Chronic inflammation and oxidative stress might be considered the key mechanisms of aging. Insulin resistance (IR) is a phenomenon related to inflammatory and oxidative stress. We tested the hypothesis that IR may be associated with cellular senescence, as measured by leukocyte telomere length (LTL), and arterial stiffness (core feature of arterial aging), as measured by carotid-femoral pulse wave velocity (c-f PWV).
The study group included 303 subjects, mean age 51.8 ±13.3 years, free of known cardiovascular diseases and regular drug consumption. For each patient, blood pressure was measured, blood samples were available for biochemical parameters, and LTL was analyzed by real time q PCR. C-f PWV was measured with the help of SphygmoCor. SAS 9.1 was used for statistical analysis.

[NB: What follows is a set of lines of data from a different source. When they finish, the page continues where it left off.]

Lemma circuit_mxprod (T : Type) (ts : seq T) (F : T -> 'M['F_2]_(N * k)) L :
  (forall t, circuit L (F t)) -> circuit (L * size ts) (mxprod (map F ts)).
Proof.
move=> FL; elim: ts => [|t ts IH] /=; first by rewrite muln0; apply: circuit1.
by rewrite mulnS; apply: circuit_mul.
Qed.

Lemma in_block_diag (d : 'I_N -> 'M['F_2]_k) :
  (forall u, d u \in unitmx) -> in_block (diag_blockmx d).
Proof. by move=> d_unit; exists d; split => // i i' j j'; rewrite blockmxE; case: eqP; rewrite ?mxE. Qed.

Lemma in_block_tr M : in_block M -> in_block M^T.
Proof.
case=> C [C_unit MC]; exists (fun i => (C i)^T); split => [i|i i' j j'].
  by rewrite unitmx_tr.
by rewrite mxE MC eq_sym; case: eqP => [->|_]; rewrite ?mxE.
Qed.

Lemma ends_swap (T : eqType) (s : seq (T * T)) :
  perm_eq (flatten [seq [:: q.1; q.2] | q <- map (fun p => (p.2, p.1)) s])
          (flatten [seq [:: p.1; p.2] | p <- s]).
Proof.
elim: s => //= p s IH.
apply: (@perm_cat _ [:: p.2; p.1] [:: p.1; p.2] _ _ _ IH).
by rewrite (perm_catC [:: p.2] [:: p.1]).
Qed.

Lemma transversal_layer_tr M : transversal_layer M -> transversal_layer M^T.
Proof.
case=> s [s_uniq Ms]; exists (map (fun p => (p.2, p.1)) s); split.
  by rewrite (perm_uniq (ends_swap s)).
move=> i i' j j'; rewrite mxE Ms big_map !mxE eq_sym; congr (_ + _).
by apply: eq_bigr => p _; rewrite /kron_entry !mxE /= andbC [j' == j]eq_sym.
Qed.

Lemma circuit_tr L M : circuit L M -> circuit L M^T.
Proof.
case=> l [lP [lL ->]]; apply: (circuit_leq lL); clear lL.
elim: l lP => [|t l IH] lP /=; first by rewrite trmx1; apply: circuit1.
rewrite trmx_mul addnC; apply: circuit_mul.
  by apply: IH => t' t'l; apply: lP; rewrite inE t'l orbT.
have := lP t (mem_head _ _); case: (t.1) => tP.
  by apply: transversal_layer_circuit; apply: transversal_layer_tr.
by apply: in_block_circuit; apply: in_block_tr.
Qed.

End Circuits.

Definition unit_or_zero (F : fieldType) n (A : 'M[F]_n) := (A \in unitmx) || (A == 0).

Lemma strictly_lower_add1_unit (F : fieldType) n (R : 'M[F]_n) :
  (forall i j : 'I_n, R i j != 0 -> (j < i)%N) -> 1%:M + R \in unitmx.
Proof.
move=> R_lower; rewrite unitmxE det_trig; last first.
  apply/is_trig_mxP => i j lt_ij; rewrite !mxE.
  have /negbTE -> : i != j by apply: contraTneq lt_ij => ->; rewrite ltnn.
  rewrite add0r.
  by apply/eqP; apply: contraTT lt_ij => /R_lower /ltnW; rewrite leqNgt.
rewrite big1 ?unitr1 // => i _; rewrite !mxE eqxx.
suff -> : R i i = 0 by rewrite addr0.
by apply/eqP; apply: contraFT (ltnn i) => /R_lower.
Qed.

(* For singular Y write Y = W R E with W, E invertible and R the product of the
   cyclic shift i |-> i - 1 and pid_mx (\rank Y), which is strictly lower
   triangular as \rank Y < n; then Y = W (1 + R) E - W E. *)
Lemma unit_or_zero_split (F : fieldType) n (Y : 'M[F]_n) :
  exists A : 'M[F]_n, unit_or_zero A && unit_or_zero (Y - A).
Proof.
have [Y_unit|Y_sing] := boolP (Y \in unitmx).
  by exists Y; rewrite /unit_or_zero Y_unit subrr eqxx orbT.
have lt_rank : (\rank Y < n)%N.
  by rewrite ltn_neqAle rank_leq_col andbT; apply: contra Y_sing; rewrite -row_full_unit.
pose s : 'S_n := perm (@ord_pred_inj n).
pose R : 'M[F]_n := perm_mx s *m pid_mx (\rank Y).
have R_lower i j : R i j != 0 -> (j < i)%N.
  rewrite /R -row_permE !mxE permE /=.
  case: andP => [[/eqP e_j lt_r] _|]; last by rewrite eqxx.
  move: e_j lt_r; have := ltn_ord i; case: (i : nat) => [|i'] lt_i.
    rewrite add0n modn_small ?ltn_predL // => _ /leq_ltn_trans/(_ lt_rank).
    by rewrite prednK // ltnn.
  by rewrite addSn /= modnDr (modn_small (ltnW lt_i)); lia.
pose W := col_ebase Y *m perm_mx s^-1.
have W_unit : W \in unitmx by rewrite unitmx_mul col_ebase_unit unitmx_perm.
have eY : Y = W *m R *m row_ebase Y.
  rewrite /W /R -[in LHS](mulmx_ebase Y); congr (_ *m _).
  by rewrite -!mulmxA (mulmxA (perm_mx _)) -perm_mxM mulVg perm_mx1 mul1mx.
clearbody W.
exists (W *m (1%:M + R) *m row_ebase Y); apply/andP; split.
  by rewrite /unit_or_zero !unitmx_mul W_unit strictly_lower_add1_unit ?row_ebase_unit.
have -> : Y - W *m (1%:M + R) *m row_ebase Y = - (W *m row_ebase Y).
  by rewrite {1}eY mulmxDr mulmxDl mulmx1 opprD addrCA subrr addr0.
rewrite /unit_or_zero -scaleN1r unitmxZ ?unitrN1 //.
by rewrite unitmx_mul W_unit row_ebase_unit.
Qed.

Through multiple linear regression analysis, c-f PWV is independently and positively associated with age (p = 0.0001) and the homeostasis model assessment of insulin resistance (HOMA-IR; p = 0.0001) and independently negatively associated with LTL (p = 0.0378). HOMA-IR seems to have a stronger influence than SBP on arterial stiffness. In all subjects, age, HOMA-IR, LTL, and SBP predicted 32% of the variance in c-f PWV. LTL was inversely associated with HOMA-IR (p = 0.0001) and age (p = 0.0001). In all subjects, HOMA-IR, age, sex, and SBP predicted 16% of the variance in LTL.
These data suggest that IR is associated with cell senescence and arterial aging and could, therefore, become the main target in preventing accelerated arterial aging, besides blood pressure control. Research in telomere biology may reveal new ways of estimating cardiovascular aging and risk.